The muleteer turned towards him a good-humoured, intelligent face, and, bowing low, thanked him heartily.

"What is your name?" asked Carlos; "and whence do you come?"

"I am Juliano; Juliano el Chico (Julian the Little) men generally call me—since, as your Excellency sees, I am not very great. And I come last from Toledo."

"Indeed! And what wares do you carry?"

"Some matters, small in bulk, yet costly, which I am bringing for a Seville merchant—Medel de Espinosa by name, if your worship has heard of him? I have mirrors, for example, of a new kind; excellent in workmanship, and true as steel, as well they may be."

"I know the shop of Espinosa well. I have been much in Seville," said Carlos, with a sudden pang, caused by the recollection of the many pretty trifles that he had purchased there for DoÑa Beatriz. "But follow me, my friend, and a good supper shall make you amends for the rudeness of these fellows.—Andres, take the best care thou canst of his mules; 'twill be only fair penance for thy sin in molesting their owner."

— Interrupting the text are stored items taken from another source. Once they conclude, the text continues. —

Lemma is_derive_integ f y : cont01 f -> 0 < y -> y < 1 ->
  is_derive y 1 (fun z => integ 0 z f) (f y).
Proof.
move=> cf y0 y1; have [cfy _ _] := (continuous_within_itvP f ltr01).1 cf.
have [] := @continuous_FTC1_closed R f 0 y 1 y1 (cont01_integrable cf ler01 (lexx _)) y0.
  by apply: cfy; rewrite in_itv /= y0 y1.
by move=> df Df; apply: DeriveDef => //; rewrite -derive1E.
Qed.

End FTC01.

Section QuotientLinearization.
Variables (R : realFieldType) (Zx Z1 Ax A1 Rx R1 d : R).
Hypotheses (Zx_ge0 : 0 <= Zx) (Zx_le : Zx <= Z1) (Z1_gt0 : 0 < Z1).
Hypotheses (d_ge0 : 0 <= d) (d_le : d <= 1/4).
Hypotheses (hAx : `|Ax| <= d * Zx) (hA1 : `|A1| <= d * Z1).
Hypotheses (hRx : `|Rx| <= 2 * d^+2 * Zx) (hR1 : `|R1| <= 2 * d^+2 * Z1).

Let N := Z1 + A1 + R1.
Let num := Z1^+2 * Rx - Zx * Z1 * R1 - (Ax * Z1 - A1 * Zx) * (A1 + R1).

Lemma perturbed_total_ge : Z1 / 2 <= N.
Proof.
move: hA1 hR1 d_ge0 d_le; rewrite /N !ler_norml => /andP[A1_ge _] /andP[R1_ge _] d0 d14.
have Z10 := Z1_gt0.
have d2_le : d^+2 <= d / 4 by rewrite expr2; nra.
have : d^+2 * Z1 <= d / 4 * Z1 by rewrite ler_pM2r.
nra.
Qed.
(* Let $G$ be a mixed signed, directed graph. A subset $F\subseteq\mathbb{R}^n$ is a facet of $\mathrm{cone}(\mathcal{P}_G)$ if and only if there exists a facet subgraph $H$ of $G$ such that $\mathrm{cone}(\mathcal{P}_H)=F$.
   Context: A mixed signed, directed graph $G$ on vertex set $\{1,\dots,n\}$ has a set of signed edges $+ij$ or $-ij$ (loops $\pm ii$ allowed) and directed edges $(i,j)$ with $i\ne j$; between a pair of vertices any subset of $+ij,-ij,(i,j),(j,i)$ may occur. Define $\rho(\pm ij)=\pm(e_i+e_j)$ (so $\rho(\pm ii)=\pm2e_i$) and $\rho((i,j))=e_j-e_i$ in $\mathbb{R}^n$; $\mathcal{P}_G=\mathrm{conv}(\rho(E(G)))$, $\mathrm{cone}(\mathcal{P}_G)$ is the set of nonnegative real combinations of its points, and a facet is a proper face of maximal dimension. The augmented signed graph $\widetilde G$ is obtained by replacing each directed edge $(i,j)$ by a new (artificial) vertex $t_{(i,j)}$ and the two signed edges $-i\,t_{(i,j)}$ and $+t_{(i,j)}\,j$. A subgraph $H$ of $G$ has vertex set $\{1,\dots,n\}$ and a subset of the edges of $G$; $G\setminus H$ is the set of edges of $G$ not in $H$; $\widetilde H$ is the augmented graph of $H$ (with artificial vertices only for directed edges of $H$). For a signed graph, a component is a maximal connected subgraph (isolated vertices are components), and it is bipartite if its vertex set can be partitioned into $L,R$ (one possibly empty) with every edge having one endpoint in each (a component with a loop is not bipartite). Components and bipartite components of $G$ (resp. $H$) are those of $\widetilde G$ (resp. $\widetilde H$); $\mathrm{bicomp}(\cdot)$ counts bipartite components. For a set $S$ of vertices of an augmented graph, $\pi(S)=S\cap\{1,\dots,n\}$. A subgraph $H$ of $G$ is a facet subgraph if (1) $\mathrm{bicomp}(H)=\mathrm{bicomp}(G)+1$, and (2) for any bipartite component $H'$ of $H$ which is not a component of $G$, there is a bipartition $V(\widetilde{H'})=\widetilde L\cup\widetilde R$ such that, with $L=\pi(\widetilde L)$ and $R=\pi(\widetilde R)$, every edge $e\in G\setminus H$ is of one of the forms: a positive edge with at least one endpoint in $L$ and none in $R$; a negative edge with at least one endpoint in $R$ and none in $L$; a directed edge $(i,j)$ with $j\in L$ and $i\notin L$; or a directed edge $(i,j)$ with $i\in R$ and $j\notin R$. *)

From HB Require Import structures.
From mathcomp Require Import all_boot all_order all_algebra.
Set Implicit Arguments. Unset Strict Implicit. Unset Printing Implicit Defensive.
Import Order.TTheory GRing.Theory Num.Theory.
Local Open Scope ring_scope.

(* Mixed signed, directed graphs on the vertex set 'I_n = {0,..,n-1}   *)
(* (standing for {1,..,n}).                                            *)
(* An edge is a triple (k, i, j) with                                  *)
(*   k = Some true   : positive signed edge  +ij                       *)
(*   k = Some false  : negative signed edge  -ij                       *)
(*   k = None        : directed edge (i,j)                             *)
(* A graph is a finite set of edges, well formed when signed edges are *)
(* stored with i <= j (so +ij = +ji is a single edge; loops i = j are  *)
(* allowed) and directed edges have i <> j.                            *)

Definition edge (n : nat) := (option bool * 'I_n * 'I_n)%type.

Definition wf_graph n (G : {set edge n}) : bool :=
  [forall e in G,
     let: (k, i, j) := e in
     if k is Some _ then (i <= j)%N else i != j].

(* vertices of the augmented signed graph: original vertices [inl i],  *)
(* artificial vertices [inr e] (t_e for directed edges e)              *)
Definition AV (n : nat) := ('I_n + edge n)%type.

Section Augmented.
Variable n : nat.
Implicit Types (H : {set edge n}) (u v : AV n) (C L : {set AV n}).

Definition is_directed (e : edge n) : bool := e.1.1 == None.

Definition augV H : {set AV n} :=
  [set v : AV n | if v is inr e then (e \in H) && is_directed e else true].

(* signed edges of the augmented graph contributed by one edge of H:   *)
(* triples (sign, endpoint, endpoint)                                  *)
Definition aug_of (e : edge n) : {set bool * AV n * AV n} :=
  let: (k, i, j) := e in
  match k with
  | Some s => [set (s, inl i, inl j)]
  | None => [set (false, inl i, inr e); (true, inr e, inl j)]
  end.

Definition augE H : {set bool * AV n * AV n} := \bigcup_(e in H) aug_of e.

Definition adj H : rel (AV n) := fun u v =>
  [exists a in augE H, ((a.1.2 == u) && (a.2 == v)) || ((a.1.2 == v) && (a.2 == u))].

Definition comp H u : {set AV n} := [set v in augV H | connect (adj H) u v].

Definition comps H : {set {set AV n}} := [set comp H u | u in augV H].

Definition edges_at H C : {set bool * AV n * AV n} :=
  [set a in augE H | (a.1.2 \in C) || (a.2 \in C)].

(* L, C :\: L is a bipartition of the component C: every edge has one  *)
(* endpoint in L and the other in C :\: L (a loop is never allowed)    *)
Definition bipartition H C L : bool :=
  (L \subset C) &&
  [forall a in edges_at H C, (a.1.2 \in L) != (a.2 \in L)].

Definition bipartite H C : bool := [exists L : {set AV n}, bipartition H C L].

Definition bicomp H : nat := #|[set C in comps H | bipartite H C]|.

Definition is_comp_of G H C : bool :=
  (C \in comps G) && (edges_at G C == edges_at H C).

Definition proj C : {set 'I_n} := [set i : 'I_n | inl i \in C].

Definition allowed_edge (L R : {set 'I_n}) (e : edge n) : bool :=
  let: (k, i, j) := e in
  match k with
  | Some true => ((i \in L) || (j \in L)) && (i \notin R) && (j \notin R)
  | Some false => ((i \in R) || (j \in R)) && (i \notin L) && (j \notin L)
  | None => ((j \in L) && (i \notin L)) || ((i \in R) && (j \notin R))
  end.

Definition facet_subgraph (G H : {set edge n}) : bool :=
  [&& H \subset G,
      bicomp H == (bicomp G).+1 &
      [forall C in comps H,
         (bipartite H C && ~~ is_comp_of G H C) ==>
         [exists L : {set AV n},
            bipartition H C L &&
            [forall e in G :\: H, allowed_edge (proj L) (proj (C :\: L)) e]]]].

End Augmented.

(* Geometry in R^n, R an arbitrary real (ordered) field, vectors being *)
(* row vectors 'rV[R]_n; subsets of R^n are predicates.                *)
Section Geometry.
Variables (R : realFieldType) (n : nat).
Local Notation vec := 'rV[R]_n.

Definition unitv (i : 'I_n) : vec := delta_mx 0 i.

Definition rho (e : edge n) : vec :=
  let: (k, i, j) := e in
  match k with
  | Some true => unitv i + unitv j
  | Some false => - (unitv i + unitv j)
  | None => unitv j - unitv i
  end.

Definition PG (G : {set edge n}) : vec -> Prop := fun x =>
  exists c : edge n -> R,
    [/\ forall e, e \in G -> 0 <= c e,
        \sum_(e in G) c e = 1 &
        x = \sum_(e in G) c e *: rho e].

Definition cone (S : vec -> Prop) : vec -> Prop := fun x =>
  exists s : seq (R * vec),
    (forall p, p \in s -> 0 <= p.1 /\ S p.2) /\
    x = \sum_(p <- s) p.1 *: p.2.

Definition seteq (A B : vec -> Prop) : Prop := forall x, A x <-> B x.

Definition dot (a x : vec) : R := \sum_(i < n) a 0 i * x 0 i.

Definition face (C F : vec -> Prop) : Prop :=
  (exists x, F x) /\
  exists (a : vec) (b : R),
    (forall x, C x -> dot a x <= b) /\
    (forall x, F x <-> (C x /\ dot a x = b)).

Definition proper_face (C F : vec -> Prop) : Prop := face C F /\ ~ seteq F C.

(* S contains k+1 affinely independent points, i.e. dim aff(S) >= k *)
Definition aff_indep_in (S : vec -> Prop) (k : nat) : Prop :=
  exists (x0 : vec) (s : seq vec),
    [/\ S x0, forall y, y \in s -> S y, size s = k &
        free [seq y - x0 | y <- s]].

(* dim aff(S) <= dim aff(T) *)
Definition dim_le (S T : vec -> Prop) : Prop :=
  forall k, aff_indep_in S k -> aff_indep_in T k.

(* facet: a proper face of maximal dimension *)
Definition facet (C F : vec -> Prop) : Prop :=
  proper_face C F /\ forall F', proper_face C F' -> dim_le F' F.

End Geometry.

(* A face of cone(P_G) is cut out by a functional [a] that is nonpositive on every
   [rho e]; it is the cone over the edges on which [a] vanishes (the tight edges).
   A functional vanishes on [rho H] iff, read on the augmented graph of [H], its
   values at the two ends of every edge cancel: it is then zero on non-bipartite
   components and [+c]/[-c] on the two sides of each bipartite one.  Hence
   [dim span rho(H) = n - bicomp H], and the face cut out by [a] is a facet iff its
   tight edges [H] have exactly one bipartite component more than [G].  The sign
   vector [+1]/[-1] of a bipartition of that new component, suitably oriented, cuts
   out the same facet, and it is negative on an edge of [G] outside [H] exactly when
   the edge satisfies the facet-subgraph condition (2). *)

From Pilot Require Import Defs.
From HB Require Import structures.
From mathcomp Require Import all_boot all_order all_algebra.
From mathcomp Require Import lra zify.
Set Implicit Arguments. Unset Strict Implicit. Unset Printing Implicit Defensive.
Import Order.TTheory GRing.Theory Num.Theory.
Local Open Scope ring_scope.

Lemma dimv_lt (K : fieldType) (vT : vectType K) (U V : {vspace vT}) v :
  (U <= V)%VS -> v \in V -> v \notin U -> (\dim U < \dim V)%N.
Proof.
move=> UV vV vNU; rewrite (ltn_leqif (dimv_leqif_eq UV)).
by apply: contra vNU => /eqP ->.
Qed.

Lemma dimv_add_line (K : fieldType) (vT : vectType K) (U : {vspace vT}) v :
  (\dim (U + <[v]>) <= (\dim U).+1)%N.
Proof. by have := dimv_sum_cap U <[v]>; rewrite dim_vline; case: (v != 0); lia. Qed.

Section DotProduct.
Variables (R : realFieldType) (n : nat).
Local Notation vec := 'rV[R]_n.
Implicit Types (a x y : vec) (U : {vspace vec}).

Lemma dotC a x : dot a x = dot x a.
Proof. by apply: eq_bigr => i _; rewrite mulrC. Qed.

Lemma dotDr a x y : dot a (x + y) = dot a x + dot a y.
Proof. by rewrite /dot -big_split; apply: eq_bigr => i _; rewrite mxE mulrDr. Qed.

Lemma dotZr a x c : dot a (c *: x) = c * dot a x.
Proof. by rewrite /dot mulr_sumr; apply: eq_bigr => i _; rewrite mxE mulrCA. Qed.

Lemma dot0r a : dot a 0 = 0.
Proof. by rewrite /dot big1 // => i _; rewrite mxE mulr0. Qed.

Lemma dotNr a x : dot a (- x) = - dot a x.
Proof. by rewrite -scaleN1r dotZr mulN1r. Qed.

Lemma dotBr a x y : dot a (x - y) = dot a x - dot a y.
Proof. by rewrite dotDr dotNr. Qed.

Lemma dot_sumr a I (r : seq I) (P : pred I) (F : I -> vec) :
  dot a (\sum_(i <- r | P i) F i) = \sum_(i <- r | P i) dot a (F i).
Proof. exact: (big_morph _ (dotDr a) (dot0r a)). Qed.

Lemma dotDl a y x : dot (a + y) x = dot a x + dot y x.
Proof. by rewrite dotC dotDr !(dotC x). Qed.

Lemma dotZl a x c : dot (c *: a) x = c * dot a x.
Proof. by rewrite dotC dotZr dotC. Qed.

Lemma dotNl a x : dot (- a) x = - dot a x.
Proof. by rewrite dotC dotNr dotC. Qed.

Lemma dot_unitv a i : dot a (unitv R i) = a 0 i.
Proof.
rewrite /dot (bigD1 i) //= big1 ?addr0 => [|j ji]; rewrite /unitv mxE.
  by rewrite !eqxx mulr1.
by rewrite (negbTE ji) andbF mulr0.
Qed.

Lemma dot_self_eq0 x : dot x x = 0 -> x = 0.
Proof.
move=> /eqP; rewrite psumr_eq0 => [/allP x0|i _]; last by rewrite -expr2 sqr_ge0.
apply/rowP => i; rewrite mxE; have := x0 i (mem_index_enum _).
by rewrite implyTb mulf_eq0 orbb => /eqP.
Qed.

Definition annmx U : 'M[R]_(n, \dim U) := \matrix_(i, j) (vbasis U)`_j 0 i.

Definition ann U : {vspace vec} := lker (linfun (@mulmxr _ 1 n _ (annmx U))).

Lemma annP U a : reflect (forall v, v \in U -> dot a v = 0) (a \in ann U).
Proof.
rewrite memv_ker lfunE /=.
have mulE j : (a *m annmx U) 0 j = dot a (vbasis U)`_j.
  by rewrite !mxE; apply: eq_bigr => i _; rewrite mxE.
apply: (iffP eqP) => [a0 v /coord_vbasis -> | a0].
  by rewrite dot_sumr big1 // => j _; rewrite dotZr -mulE a0 mxE mulr0.
by apply/rowP => j; rewrite mulE mxE a0 // vbasis_mem // mem_nth ?size_tuple.
Qed.

Lemma ann_line a x : (x \in ann <[a]>) = (dot a x == 0).
Proof.
apply/annP/eqP => [a0 | ax y /vlineP [k ->]]; first by rewrite dotC a0 ?memv_line.
by rewrite dotZr dotC ax mulr0.
Qed.

Lemma dim_ann U : (\dim (ann U) + \dim U)%N = n.
Proof.
have dim_full : \dim {: vec} = n by rewrite dimvf /dim /= mul1n.
apply/eqP; rewrite eqn_leq; apply/andP; split.
  have capU0 : (ann U :&: U = 0)%VS.
    apply/eqP; rewrite -subv0; apply/subvP => v; rewrite memv_cap memv0.
    by move=> /andP [/annP v0 Uv]; rewrite (dot_self_eq0 (v0 v Uv)).
  by rewrite -dimv_sum_cap capU0 dimv0 addn0 -[leqRHS]dim_full dimvS ?subvf.
have := limg_ker_dim (linfun (@mulmxr _ 1 n _ (annmx U))) fullv.
rewrite capfv dim_full => dimE; rewrite -[leqLHS]dimE leq_add2l.
by apply: leq_trans (dimvS (subvf _)) _; rewrite dimvf /dim /= mul1n.
Qed.

End DotProduct.

Section EdgeCones.
Variables (R : realFieldType) (n : nat).
Local Notation vec := 'rV[R]_n.
Local Notation rho := (@rho R n).
Implicit Types (X Y G : {set edge n}) (a x : vec).

Definition span_rho X : {vspace vec} := <<[seq rho e | e <- enum X]>>%VS.
Definition ann_rho X : {vspace vec} := ann (span_rho X).

Lemma rho_span X e : e \in X -> rho e \in span_rho X.
Proof. by move=> eX; apply/memv_span/map_f; rewrite mem_enum. Qed.

Lemma ann_rhoP X a :
  reflect (forall e, e \in X -> dot a (rho e) = 0) (a \in ann_rho X).
Proof.
apply: (iffP (annP _ _)) => [a0 e eX | a0 v]; first by rewrite a0 ?rho_span.
suff /subvP sub : (span_rho X <= ann <[a]>)%VS by move=> /sub; rewrite ann_line => /eqP.
by apply/span_subvP => _ /mapP [e /[!mem_enum] eX ->]; rewrite ann_line a0.
Qed.

Lemma span_rhoS X Y : X \subset Y -> (span_rho X <= span_rho Y)%VS.
Proof.
move=> XY; apply/span_subvP => _ /mapP [e /[!mem_enum] eX ->].
by rewrite rho_span // (subsetP XY).
Qed.

Lemma ann_rhoS X Y : X \subset Y -> (ann_rho Y <= ann_rho X)%VS.
Proof.
move=> XY; apply/subvP => a /ann_rhoP a0; apply/ann_rhoP => e eX.
by rewrite a0 // (subsetP XY).
Qed.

"A hundred thousand thanks, seÑor. Still, with your worship's good leave, and no offence to friend Andres, I had rather look to the beasts myself. We are old companions; they know my ways, and I know theirs."

"As you please, my good fellow. Andres will show you the stable, and I shall tell my mayor-domo to see that you lack nothing."

"Again I render to your Excellency my poor but hearty thanks."

Carlos went in, gave the necessary directions to Diego, and then returned to his solitary chamber.